As Senator Bernie Sanders said, “All that we’re asking and the president should be asking is that the commission obeys the law. That’s not a radical request.”
Despite denials from Wall Street, speculation is playing a big role in increasing gas prices. Demand for gas has decreased and, as the graph below shows, domestic oil production has significant increased. So, in theory, gas prices should be falling since demand has decreased and supply has increased through domestic production. Except market manipulation is distorting the supply demand relationship and gas prices are increasing because of it.
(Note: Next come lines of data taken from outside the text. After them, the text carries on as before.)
Lemma is_dist1 x y : x != y -> e x y -> is_dist e x y 1.
Proof.
move=> xy exy; split; first by exists [:: y]; rewrite /= ?exy ?eqxx.
by case=> [_ /= yx|//]; rewrite yx eqxx in xy.
Qed.

Lemma is_dist2 x y z : x != y -> ~~ e x y -> e x z -> e z y -> is_dist e x y 2.
Proof.
move=> xy nexy exz ezy; split; first by exists [:: z; y]; rewrite /= ?exz ?ezy ?eqxx.
case=> [_ /= yx|w [|w' p]] //=; first by rewrite yx eqxx in xy.
by rewrite andbT => exw wy; rewrite -wy exw in nexy.
Qed.

Lemma is_dist3 x y z1 z2 : x != y -> ~~ e x y -> (forall z, e x z -> ~~ e z y) ->
  e x z1 -> e z1 z2 -> e z2 y -> is_dist e x y 3.
Proof.
move=> xy nexy nomid exz1 ez12 ez2y.
split; first by exists [:: z1; z2; y]; rewrite /= ?exz1 ?ez12 ?ez2y ?eqxx.
case=> [_ /= yx|w [|w' [|w'' p]]] //=; first by rewrite yx eqxx in xy.
  by rewrite andbT => exw wy; rewrite -wy exw in nexy.
by rewrite andbT => /andP [exw eww'] w'y; move: (nomid _ exw); rewrite -w'y eww'.
Qed.

End Distance.

Lemma hammingE N (u v : {ffun 'I_N -> bool}) : hamming u v = \sum_(i < N) (u i != v i).
Proof.
rewrite /hamming -sum1_card big_mkcond /=; apply: eq_bigr => i _.
by rewrite inE; case: (u i != v i).
Qed.

Lemma hammingC N (u v : {ffun 'I_N -> bool}) : hamming u v = hamming v u.
Proof. by apply: eq_card => i; rewrite !inE eq_sym. Qed.

(* A hypermetric inequality: it holds coordinatewise for 0/1-vectors. *)
Lemma hamming_pentagon N (p1 p2 q0 q1 q2 q3 q4 : {ffun 'I_N -> bool}) :
  hamming p1 p2 +
    (hamming q0 q2 + hamming q1 q3 + hamming q2 q4 + hamming q3 q0 + hamming q4 q1)
  <= hamming p1 q0 + hamming p1 q1 + hamming p1 q2 + hamming p1 q3 + hamming p1 q4 +
     hamming p2 q0 + hamming p2 q1 + hamming p2 q2 + hamming p2 q3 + hamming p2 q4.
Proof.
rewrite !hammingE -!big_split /=; apply: leq_sum => i _.
by case: (p1 i); case: (p2 i); case: (q0 i); case: (q1 i); case: (q2 i); case: (q3 i);
  case: (q4 i).
Qed.

Section BooleanFunctions.
Variable T : finType.

Definition flip_at (a : T) (f : {ffun T -> bool}) : {ffun T -> bool} :=
  [ffun x => if x == a then ~~ f x else f x].
Definition Fg (m : nat) (W : bool -> nat -> R) (rho : R) : R :=
  sumR 2 (fun i => let x := Nat.eqb i 1 in
    / 2 * sumR m (fun y =>
      if Rlt_dec 0 (W x y)
      then W x y *
           Rpower ((/ 2 * (rpow (W false y) (/ (1 + rho))
                           + rpow (W true y) (/ (1 + rho))))
                   / rpow (W x y) (/ (1 + rho))) rho
      else 0)).

Definition E0 (m : nat) (W : bool -> nat -> R) (rho : R) : R :=
  - log2 (Fg m W rho).

(** binary entropy, with 0 log 0 = 0 *)
Definition plogp (p : R) : R := if Rlt_dec 0 p then p * log2 p else 0.
Definition hb (p : R) : R := - plogp p - plogp (1 - p).

Definition Fbec (rho C : R) : R := 1 + (Rpower 2 (- rho) - 1) * C.

(** F^bsc(rho;C), with eps standing for h^{-1}(1-C) *)
Definition Fbsc (rho eps : R) : R :=
  Rpower 2 (- rho) *
  Rpower (rpow eps (/ (1 + rho)) + rpow (1 - eps) (/ (1 + rho))) (1 + rho).

Definition bsc (p : R) (x : bool) (y : nat) : R :=
  match y with
  | 0%nat => if x then p else 1 - p
  | 1%nat => if x then 1 - p else p
  | _ => 0
  end.

(** BEC with erasure probability e (outputs 0,1, erasure = 2) *)
Definition bec (e : R) (x : bool) (y : nat) : R :=
  match y with
  | 0%nat => if x then 0 else 1 - e
  | 1%nat => if x then 1 - e else 0
  | 2%nat => e
  | _ => 0
  end.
While the Dodd-Frank regulations may not go as far as progressives want, one sign that they would be effective is that two financial industry interest groups are suing to stop the regulations from taking effect. Not surprisingly, one of the groups, the Securities Industry and Financial Markets Association has a former congressman in its senior leadership, further highlighting the need to stop the revolving door between ex-lawmakers and lobbying organizations.
With gas prices continuing to increase, it’s time that the Administration step up and walk the walk on limiting speculation. Limiting speculation can actually have an immediate effect on gas prices. In the long term, in addition to limiting speculation, the formula remains the same: ratchet back war-mongering with Iran and invest in renewables.